Serious Play: The Ministry of Silly Names

After years of relatively serious D&D campaigns set in a well-developed milieu, it’s come as a splash of cold water to see just how wacky a gonzo old-school game can get. A recent session writeup at Carter’s Cartopia—home of such worthies as the PCs Uncle Junkal, Innominus and Barbarella, aided by NPCs like Porkins and Val Kilmer—reminds me of an ongoing peeve of mine: silly names.

There have been a lot of weird names in my Red Box game and in Tavis’ White Box game, and some of them are much more agreeable to me than others. I’m still trying to put my finger on why a fighter named Monterey Jack is fine by me while an elf named Broccoli Cabbage pushes all my buttons, or why I’m bothered more by a pulchritudinous magic-user named Sosexia than a politically correct druid named Obamabiden.

Intellectually, I’d expect to be more troubled by topical real-world references, but in practice they seem to blend into the background pretty easily. It’s the puns that actually get under my skin; they have a deliberately jokey quality that punctures my suspension of disbelief far more than call-outs to the modern world.

Some referees react to this sort of thing with draconian fervor, refusing to allow PCs with silly names in their games. Others take it in stride. Me, I’m looking for a middle way, one that lets me dial down the silliness without eliminating it altogether or making my players feel bad for goofing around. Like everything else, it’s a work in progress.


How to Keep your Vancian Spells Happy

Over at the OD&D boards, jcstephens wrote: “What if spells were ‘alive’, in the same way as magic swords? Maybe there’d be several different versions, with Egos and alignments and goals. Possibly, they might even have rivalries and grudges.”

As a hopefully useful by-product of my addiction to the surreality of random dice rolls, I present the following table for determining the goals of a magic-user’s spells:

  1. Spell wants a spellbook all to itself. If this already true, it wants the spellbook illuminated, re-bound, gilded, etc. at a cost of 1d6 x spell level x 10 gp.
  2. Spell feels its current position in your brain & your possessions is insecure, and demands to be scribed onto a scroll that is given to a M-U who leads a less dangerous lifestyle.
  3. Spell falls in love with another randomly determined spell in the M-U’s repertoire. It will only be scribed into a spellbook or scroll that also contains its beloved, and will only be memorized when its beloved is also memorized.
  4. Spell hates another spell and will not co-exist with it in a spellbook, scroll, or M-U’s brain.
  5. Spell wants its M-U to go on a quest: spells cast on a target want to be cast on a particular kind of target (roll as if for a wandering monster), illusion spells want to view the reality of some obscure thing they can emulate, etc.
  6. Spell chooses a new, fancier name for itself and will refuse to be cast, memorized, or scribed for 1d6 days following any incidence of being referred to by its older and less grandiose name.
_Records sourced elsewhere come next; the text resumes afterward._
(* The lift x |-> (x,1)/sqrt(1+|x|^2) identifies R^(n+1) with the open upper hemisphere
   of S^(n+1), and lifts X, Y of x, y satisfy X.Y = X_N Y_N (x.y + 1).  Hence a hemisphere
   H(P) contains the induced body T exactly when the central projection of P lies in
   D = {p | p.y >= -1 for all y in W}, which is the dual Wulff shape, and a lune has
   thickness pi/2 exactly when its poles are orthogonal.  If W = D, then T is self-polar
   (H(P) contains T iff P lies in T): a supporting H(P) touches T at some Q with P.Q = 0,
   H(Q) supports T, and every other admissible pole lies in T, so no lune is thinner.
   Conversely, constant width pi/2 gives p.q >= -1 for all p, q in D, whence D is
   contained in W; and the pole orthogonal to the supporting hemisphere of W in a given
   direction lies in D and shows that W is contained in D. *)

(** * Coordinate algebra of [dot] *)

Lemma Rabs_le_between a b : Rabs a <= b -> -b <= a <= b.
Proof. unfold Rabs; destruct Rcase_abs; lra. Qed.

Lemma Rabs_lt_between a b : Rabs a < b -> -b < a < b.
Proof. unfold Rabs; destruct Rcase_abs; lra. Qed.

Lemma dot_ext m x x' y y' :
  (forall i, (i < m)%nat -> x i = x' i /\ y i = y' i) -> dot m x y = dot m x' y'.
Proof.
  induction m as [|m IH]; simpl; intros H; auto.
  destruct (H m) as [-> ->]; [lia|]. rewrite IH; auto.
Qed.

Lemma dot_extl m x x' y : (forall i, (i < m)%nat -> x i = x' i) -> dot m x y = dot m x' y.
Proof. intros; apply dot_ext; intros; split; auto. Qed.

Lemma dot_comm m x y : dot m x y = dot m y x.
Proof. induction m; simpl; auto. rewrite IHm; ring. Qed.

Lemma dot_lin_l m a b x y z :
  dot m (fun i => a * x i + b * y i) z = a * dot m x z + b * dot m y z.
Proof. induction m; simpl. ring. rewrite IHm; ring. Qed.

Lemma dot_lin m a b c d x y :
  dot m (fun i => a * x i + b * y i) (fun i => c * x i + d * y i) =
  a * c * dot m x x + (a * d + b * c) * dot m x y + b * d * dot m y y.
Proof.
  rewrite dot_lin_l, !(dot_comm m _ (fun i => c * x i + d * y i)), !dot_lin_l.
  rewrite (dot_comm m y x). ring.
Qed.

Lemma dot_scal_l m a x z : dot m (fun i => a * x i) z = a * dot m x z.
Proof. induction m; simpl. ring. rewrite IHm; ring. Qed.

Lemma dot_vscal_l m a x y : dot m (vscal a x) y = a * dot m x y.
Proof. apply dot_scal_l. Qed.

Lemma dot_vopp_l m x y : dot m (vopp x) y = - dot m x y.
Proof. induction m; simpl. ring. unfold vopp in *. rewrite IHm. ring. Qed.

Lemma dot_sub_l m x y z : dot m (fun i => x i - y i) z = dot m x z - dot m y z.
Proof. induction m; simpl. ring. rewrite IHm; ring. Qed.

Lemma dot_zero_l m x y : (forall i, (i < m)%nat -> x i = 0) -> dot m x y = 0.
Proof.
  induction m; simpl; intros H; auto.
  rewrite IHm, (H m) by (intros; apply H; lia) || lia. ring.
Qed.

Lemma dot_self_ge0 m x : 0 <= dot m x x.
Proof. induction m; simpl. lra. nra. Qed.

Lemma coord_sqr_le_dot m x i : (i < m)%nat -> x i * x i <= dot m x x.
Proof.
  induction m; intros Hi; [lia|]. simpl.
  destruct (Nat.eq_dec i m) as [->|].
  - pose proof (dot_self_ge0 m x). lra.
  - assert (x i * x i <= dot m x x) by (apply IHm; lia). nra.
Qed.

Lemma dot_self_eq0 m x : dot m x x = 0 -> forall i, (i < m)%nat -> x i = 0.
Proof. intros H i Hi. pose proof (coord_sqr_le_dot m x i Hi). nra. Qed.

Lemma Cauchy_Schwarz m x y : dot m x y * dot m x y <= dot m x x * dot m y y.
Proof.
  destruct (Req_dec (dot m y y) 0) as [H0|H0].
  - rewrite (dot_comm m x y), (dot_zero_l m y x) by (apply dot_self_eq0; auto).
    rewrite H0; lra.
  - pose proof (dot_self_ge0 m y).
    set (s := dot m x y / dot m y y).
    pose proof (dot_self_ge0 m (fun i => 1 * x i + (- s) * y i)) as Hq.
    rewrite dot_lin in Hq. unfold s in Hq. field_simplify in Hq; [|lra].
    apply Rmult_le_compat_r with (r := dot m y y) in Hq; [|lra].
    unfold Rdiv in Hq. rewrite Rmult_assoc, Rinv_l in Hq by lra. lra.
Qed.

Lemma dot_self_vnorm m x : dot m x x = vnorm m x * vnorm m x.
Proof. unfold vnorm. rewrite sqrt_sqrt; auto. apply dot_self_ge0. Qed.

Lemma vnorm_ge0 m x : 0 <= vnorm m x.
Proof. apply sqrt_pos. Qed.

Lemma vnorm_gt0 m x : 0 < dot m x x -> 0 < vnorm m x.
Proof. apply sqrt_lt_R0. Qed.

Lemma vnorm_sphere m x : on_sphere m x -> vnorm m x = 1.
Proof. unfold vnorm, on_sphere; intros ->; apply sqrt_1. Qed.

Lemma vnorm_lt m x e : 0 < e -> dot m x x < e * e -> vnorm m x < e.
Proof.
  intros He H. unfold vnorm. rewrite <- (sqrt_square e) by lra.
  apply sqrt_lt_1_alt; split; [apply dot_self_ge0|exact H].
Qed.

Lemma vnorm_vscal m a x : vnorm m (vscal a x) = Rabs a * vnorm m x.
Proof.
  unfold vnorm. rewrite dot_vscal_l, dot_comm, dot_vscal_l, <- Rmult_assoc.
  rewrite sqrt_mult_alt by (pose proof (Rle_0_sqr a); unfold Rsqr in *; lra).
  rewrite <- Rsqr_def, sqrt_Rsqr_abs. auto.
Qed.

Lemma vnorm_vsub_vscal m a b v : vnorm m (vsub (vscal a v) (vscal b v)) = Rabs (a - b) * vnorm m v.
Proof.
  replace (vsub (vscal a v) (vscal b v)) with (vscal (a - b) v)
    by (apply functional_extensionality; intros; unfold vsub, vscal; ring).
  apply vnorm_vscal.
Qed.

Lemma vnorm_vsub_diag m p : vnorm m (vsub p p) = 0.
Proof. unfold vnorm. rewrite dot_zero_l by (intros; unfold vsub; ring). apply sqrt_0. Qed.

Lemma Cauchy_Schwarz_abs m x y : Rabs (dot m x y) <= vnorm m x * vnorm m y.
Proof.
  unfold vnorm. rewrite <- sqrt_mult by apply dot_self_ge0.
  rewrite <- sqrt_Rsqr_abs. apply sqrt_le_1_alt. apply Cauchy_Schwarz.
Qed.

Lemma Rabs_coord_le_vnorm m x i : (i < m)%nat -> Rabs (x i) <= vnorm m x.
Proof.
  intros Hi. unfold vnorm. rewrite <- sqrt_Rsqr_abs. apply sqrt_le_1_alt.
  apply coord_sqr_le_dot; auto.
Qed.

Lemma vnorm_le_S m x : vnorm m x <= vnorm (S m) x.
Proof. unfold vnorm. apply sqrt_le_1_alt. simpl. nra. Qed.

Lemma dot_sphere_bound m x y : on_sphere m x -> on_sphere m y -> -1 <= dot m x y <= 1.
Proof.
  intros Hx Hy. pose proof (Cauchy_Schwarz_abs m x y) as H.
  rewrite !vnorm_sphere in H by auto. apply Rabs_le_between in H. lra.
Qed.

Lemma dot_sphere_lipschitz m P Y Q : on_sphere m P ->
  Rabs (dot m P Y - dot m P Q) <= vnorm m (vsub Y Q).
Proof.
  intros HP. rewrite !(dot_comm m P), <- dot_sub_l.
  pose proof (Cauchy_Schwarz_abs m (vsub Y Q) P) as H.
  rewrite (vnorm_sphere m P), Rmult_1_r in H by auto. exact H.
Qed.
If I were to use these in a game, I’d probably roll for a spells’ goal at the point where it was acquired, and likely wouldn’t do so for every spell (maybe roll 3d6 for the spell’s drive, and worry about its goals only if the total equals or exceeds the magic-user’s wisdom).

I’d provide a stick to make the consequences of failing to cater to your spells’ whims (like introducing your favorite set of magical fumble rules, or increasing the likelihood of fumbles if you’re already using them), but balance it out with a carrot. This might be the nature of the spell itself – perhaps only the most useful and desirable spells have goals – or it might be giving ordinary spells an advantage, like a penalty to the saving throw against a spell that’s fulfilled in its desires.